━━━ EXTRACTED MATERIAL

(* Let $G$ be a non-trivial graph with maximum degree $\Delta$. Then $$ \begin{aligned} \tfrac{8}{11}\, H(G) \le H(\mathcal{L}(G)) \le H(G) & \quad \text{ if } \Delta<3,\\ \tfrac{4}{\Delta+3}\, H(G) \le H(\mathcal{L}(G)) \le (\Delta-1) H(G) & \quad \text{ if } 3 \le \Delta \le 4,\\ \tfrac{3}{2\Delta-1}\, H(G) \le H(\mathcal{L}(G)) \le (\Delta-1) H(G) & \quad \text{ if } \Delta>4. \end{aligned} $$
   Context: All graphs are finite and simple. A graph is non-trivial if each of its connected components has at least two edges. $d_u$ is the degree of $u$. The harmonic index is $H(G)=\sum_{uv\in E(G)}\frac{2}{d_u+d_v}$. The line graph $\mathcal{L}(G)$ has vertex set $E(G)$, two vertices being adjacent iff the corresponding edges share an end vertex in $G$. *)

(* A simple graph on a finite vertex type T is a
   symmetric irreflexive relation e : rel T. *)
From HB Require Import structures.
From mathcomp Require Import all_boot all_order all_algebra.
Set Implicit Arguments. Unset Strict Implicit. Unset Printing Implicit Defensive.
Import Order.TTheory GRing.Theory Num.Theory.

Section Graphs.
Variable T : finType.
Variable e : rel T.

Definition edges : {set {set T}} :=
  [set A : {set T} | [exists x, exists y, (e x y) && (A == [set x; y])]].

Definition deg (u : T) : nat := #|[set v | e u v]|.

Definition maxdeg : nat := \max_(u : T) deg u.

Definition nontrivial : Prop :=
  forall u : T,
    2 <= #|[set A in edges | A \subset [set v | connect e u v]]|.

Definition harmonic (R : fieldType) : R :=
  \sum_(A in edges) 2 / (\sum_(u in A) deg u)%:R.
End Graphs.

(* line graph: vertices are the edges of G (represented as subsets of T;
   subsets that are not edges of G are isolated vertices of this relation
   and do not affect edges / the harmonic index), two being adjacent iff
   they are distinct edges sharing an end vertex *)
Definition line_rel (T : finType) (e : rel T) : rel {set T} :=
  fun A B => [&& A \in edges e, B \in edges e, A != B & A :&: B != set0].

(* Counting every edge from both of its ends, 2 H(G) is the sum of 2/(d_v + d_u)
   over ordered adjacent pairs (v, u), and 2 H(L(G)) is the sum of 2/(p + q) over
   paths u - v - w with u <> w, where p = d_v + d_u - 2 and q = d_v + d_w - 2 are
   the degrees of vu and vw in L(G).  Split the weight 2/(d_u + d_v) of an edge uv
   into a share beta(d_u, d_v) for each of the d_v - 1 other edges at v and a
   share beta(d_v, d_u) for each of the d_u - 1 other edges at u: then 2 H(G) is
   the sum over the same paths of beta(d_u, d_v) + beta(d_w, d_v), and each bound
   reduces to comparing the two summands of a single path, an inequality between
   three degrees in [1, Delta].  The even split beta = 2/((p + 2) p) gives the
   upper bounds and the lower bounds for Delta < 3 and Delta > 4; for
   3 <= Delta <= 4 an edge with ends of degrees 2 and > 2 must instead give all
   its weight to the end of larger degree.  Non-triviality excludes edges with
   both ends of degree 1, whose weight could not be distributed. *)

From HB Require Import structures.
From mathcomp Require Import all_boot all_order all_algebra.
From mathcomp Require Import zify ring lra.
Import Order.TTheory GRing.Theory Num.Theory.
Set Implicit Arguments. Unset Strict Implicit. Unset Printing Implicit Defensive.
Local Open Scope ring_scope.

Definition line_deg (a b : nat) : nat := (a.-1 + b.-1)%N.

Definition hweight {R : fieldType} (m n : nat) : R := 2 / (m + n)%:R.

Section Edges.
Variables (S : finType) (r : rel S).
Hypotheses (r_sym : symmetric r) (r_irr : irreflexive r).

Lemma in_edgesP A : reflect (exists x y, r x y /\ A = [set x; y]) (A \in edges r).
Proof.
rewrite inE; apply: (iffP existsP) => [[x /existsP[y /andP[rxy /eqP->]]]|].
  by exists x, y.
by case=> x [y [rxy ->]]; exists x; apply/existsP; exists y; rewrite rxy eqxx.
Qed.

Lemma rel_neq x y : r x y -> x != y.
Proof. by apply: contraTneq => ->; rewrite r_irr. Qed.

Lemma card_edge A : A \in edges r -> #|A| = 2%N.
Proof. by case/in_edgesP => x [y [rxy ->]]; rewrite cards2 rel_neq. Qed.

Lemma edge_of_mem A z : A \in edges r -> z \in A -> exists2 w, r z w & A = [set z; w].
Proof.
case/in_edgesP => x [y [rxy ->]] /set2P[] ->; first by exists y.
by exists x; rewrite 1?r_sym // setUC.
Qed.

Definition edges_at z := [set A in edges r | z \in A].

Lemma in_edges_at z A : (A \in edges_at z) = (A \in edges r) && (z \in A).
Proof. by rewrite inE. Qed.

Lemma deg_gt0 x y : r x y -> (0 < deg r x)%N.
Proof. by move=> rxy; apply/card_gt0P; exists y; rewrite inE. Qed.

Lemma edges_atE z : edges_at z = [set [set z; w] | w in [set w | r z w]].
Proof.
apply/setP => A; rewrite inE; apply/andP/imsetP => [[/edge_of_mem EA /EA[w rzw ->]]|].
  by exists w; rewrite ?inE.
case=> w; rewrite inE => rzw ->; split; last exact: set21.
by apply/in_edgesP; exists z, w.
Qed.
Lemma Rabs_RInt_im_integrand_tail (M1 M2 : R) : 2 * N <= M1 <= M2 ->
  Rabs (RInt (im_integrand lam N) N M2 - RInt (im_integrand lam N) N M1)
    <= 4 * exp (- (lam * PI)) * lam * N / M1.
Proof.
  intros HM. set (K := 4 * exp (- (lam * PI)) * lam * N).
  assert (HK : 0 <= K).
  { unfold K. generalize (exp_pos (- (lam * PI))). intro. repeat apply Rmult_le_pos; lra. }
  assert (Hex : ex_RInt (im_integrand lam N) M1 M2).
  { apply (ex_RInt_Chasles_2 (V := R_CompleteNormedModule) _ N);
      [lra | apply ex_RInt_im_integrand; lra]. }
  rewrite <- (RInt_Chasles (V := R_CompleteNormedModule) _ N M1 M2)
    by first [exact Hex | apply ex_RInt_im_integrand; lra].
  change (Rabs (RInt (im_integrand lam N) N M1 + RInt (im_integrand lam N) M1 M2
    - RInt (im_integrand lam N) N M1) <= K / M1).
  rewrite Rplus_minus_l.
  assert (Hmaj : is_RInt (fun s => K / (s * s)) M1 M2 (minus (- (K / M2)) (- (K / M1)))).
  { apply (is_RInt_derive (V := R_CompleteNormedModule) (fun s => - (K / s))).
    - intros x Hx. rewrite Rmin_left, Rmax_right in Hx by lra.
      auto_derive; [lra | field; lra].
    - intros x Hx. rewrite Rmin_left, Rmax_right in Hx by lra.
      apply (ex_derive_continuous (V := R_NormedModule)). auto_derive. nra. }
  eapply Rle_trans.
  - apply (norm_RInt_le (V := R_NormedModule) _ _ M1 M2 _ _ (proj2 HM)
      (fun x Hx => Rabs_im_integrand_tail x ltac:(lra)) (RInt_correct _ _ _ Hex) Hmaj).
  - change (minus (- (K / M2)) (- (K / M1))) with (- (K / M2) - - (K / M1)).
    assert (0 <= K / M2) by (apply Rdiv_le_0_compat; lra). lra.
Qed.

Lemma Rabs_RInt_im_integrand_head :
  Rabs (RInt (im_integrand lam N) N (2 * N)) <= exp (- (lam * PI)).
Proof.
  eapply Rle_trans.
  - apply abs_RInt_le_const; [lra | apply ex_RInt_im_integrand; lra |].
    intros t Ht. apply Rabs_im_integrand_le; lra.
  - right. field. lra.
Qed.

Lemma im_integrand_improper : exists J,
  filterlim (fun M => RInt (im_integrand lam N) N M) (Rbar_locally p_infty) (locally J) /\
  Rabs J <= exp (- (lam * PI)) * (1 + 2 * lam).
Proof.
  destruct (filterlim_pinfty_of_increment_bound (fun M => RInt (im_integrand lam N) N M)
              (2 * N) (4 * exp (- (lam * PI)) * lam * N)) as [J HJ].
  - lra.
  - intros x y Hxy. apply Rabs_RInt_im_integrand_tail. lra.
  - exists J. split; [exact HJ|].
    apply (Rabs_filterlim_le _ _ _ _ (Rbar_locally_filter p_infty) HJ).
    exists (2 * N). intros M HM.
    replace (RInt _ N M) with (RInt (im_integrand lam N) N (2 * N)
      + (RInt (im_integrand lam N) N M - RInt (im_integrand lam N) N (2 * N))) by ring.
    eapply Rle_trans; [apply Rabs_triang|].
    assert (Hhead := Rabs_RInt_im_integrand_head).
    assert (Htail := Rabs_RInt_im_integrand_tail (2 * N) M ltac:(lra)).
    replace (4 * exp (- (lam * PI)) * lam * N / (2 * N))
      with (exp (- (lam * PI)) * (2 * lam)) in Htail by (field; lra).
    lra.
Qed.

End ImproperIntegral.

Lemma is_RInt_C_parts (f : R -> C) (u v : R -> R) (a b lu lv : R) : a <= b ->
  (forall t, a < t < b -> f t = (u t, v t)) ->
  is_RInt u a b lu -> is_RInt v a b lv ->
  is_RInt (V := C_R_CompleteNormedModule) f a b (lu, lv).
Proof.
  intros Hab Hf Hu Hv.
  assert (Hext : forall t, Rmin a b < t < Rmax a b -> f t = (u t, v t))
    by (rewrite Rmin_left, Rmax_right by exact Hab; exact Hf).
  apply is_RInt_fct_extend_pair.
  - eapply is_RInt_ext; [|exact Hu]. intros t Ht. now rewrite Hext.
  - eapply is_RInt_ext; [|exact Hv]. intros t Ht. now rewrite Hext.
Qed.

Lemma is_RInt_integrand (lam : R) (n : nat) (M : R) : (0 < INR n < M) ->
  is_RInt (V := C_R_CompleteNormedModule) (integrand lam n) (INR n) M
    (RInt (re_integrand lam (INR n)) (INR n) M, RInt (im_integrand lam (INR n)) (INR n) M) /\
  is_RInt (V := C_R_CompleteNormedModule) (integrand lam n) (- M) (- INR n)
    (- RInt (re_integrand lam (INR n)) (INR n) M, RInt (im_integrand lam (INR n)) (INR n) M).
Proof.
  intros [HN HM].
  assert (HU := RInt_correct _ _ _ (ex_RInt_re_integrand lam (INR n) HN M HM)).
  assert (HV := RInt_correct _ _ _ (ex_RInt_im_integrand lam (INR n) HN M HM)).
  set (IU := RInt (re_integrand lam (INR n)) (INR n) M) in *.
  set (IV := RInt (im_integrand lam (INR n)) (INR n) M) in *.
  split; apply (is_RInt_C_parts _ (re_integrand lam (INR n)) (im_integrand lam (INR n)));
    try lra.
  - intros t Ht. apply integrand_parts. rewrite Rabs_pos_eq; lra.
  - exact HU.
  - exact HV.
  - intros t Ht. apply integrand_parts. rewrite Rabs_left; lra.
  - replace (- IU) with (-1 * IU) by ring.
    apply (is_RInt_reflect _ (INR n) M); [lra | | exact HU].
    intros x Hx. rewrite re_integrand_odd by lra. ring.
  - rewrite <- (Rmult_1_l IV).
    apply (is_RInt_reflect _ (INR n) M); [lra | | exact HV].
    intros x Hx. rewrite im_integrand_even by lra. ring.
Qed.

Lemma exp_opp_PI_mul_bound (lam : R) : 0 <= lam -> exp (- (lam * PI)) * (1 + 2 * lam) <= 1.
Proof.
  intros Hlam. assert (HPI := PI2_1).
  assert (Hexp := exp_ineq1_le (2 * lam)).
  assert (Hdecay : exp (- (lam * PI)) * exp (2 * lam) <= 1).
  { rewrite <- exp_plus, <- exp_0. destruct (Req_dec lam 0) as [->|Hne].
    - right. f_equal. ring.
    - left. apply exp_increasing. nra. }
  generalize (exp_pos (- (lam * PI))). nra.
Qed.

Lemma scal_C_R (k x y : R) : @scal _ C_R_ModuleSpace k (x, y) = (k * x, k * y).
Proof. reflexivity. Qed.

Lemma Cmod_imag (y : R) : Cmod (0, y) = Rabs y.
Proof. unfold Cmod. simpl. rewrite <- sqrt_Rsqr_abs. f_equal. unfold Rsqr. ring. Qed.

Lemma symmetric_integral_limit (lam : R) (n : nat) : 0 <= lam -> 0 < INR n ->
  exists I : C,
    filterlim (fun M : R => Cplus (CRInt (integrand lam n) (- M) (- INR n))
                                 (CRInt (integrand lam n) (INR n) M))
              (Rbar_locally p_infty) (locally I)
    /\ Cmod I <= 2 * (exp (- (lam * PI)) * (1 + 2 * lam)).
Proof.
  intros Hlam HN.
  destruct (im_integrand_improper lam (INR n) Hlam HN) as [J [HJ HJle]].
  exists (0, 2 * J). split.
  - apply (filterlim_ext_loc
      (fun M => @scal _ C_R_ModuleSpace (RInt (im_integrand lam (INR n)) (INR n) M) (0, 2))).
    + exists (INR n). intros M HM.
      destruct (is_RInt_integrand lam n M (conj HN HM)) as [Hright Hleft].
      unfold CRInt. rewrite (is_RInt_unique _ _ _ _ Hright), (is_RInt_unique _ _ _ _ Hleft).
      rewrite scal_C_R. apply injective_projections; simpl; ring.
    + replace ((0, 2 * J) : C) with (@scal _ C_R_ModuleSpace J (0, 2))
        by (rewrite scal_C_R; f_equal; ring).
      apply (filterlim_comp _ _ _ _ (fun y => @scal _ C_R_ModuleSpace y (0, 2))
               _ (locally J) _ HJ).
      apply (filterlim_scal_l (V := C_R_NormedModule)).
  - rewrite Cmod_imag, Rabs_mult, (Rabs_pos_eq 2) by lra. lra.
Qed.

━━━━━━

__WHAT THIS TASK INVOLVES__:
Using the entries above, give again exactly the lines from the line holding "exists (0, 2 * J). split." through the line holding "destruct (is_RInt_integrand lam". Include both end lines and nothing else.

__ANSWER SPACE__:
  exists (0, 2 * J). split.
  - apply (filterlim_ext_loc
      (fun M => @scal _ C_R_ModuleSpace (RInt (im_integrand lam (INR n)) (INR n) M) (0, 2))).
    + exists (INR n). intros M HM.
      destruct (is_RInt_integrand lam n M (conj HN HM)) as [Hright Hleft].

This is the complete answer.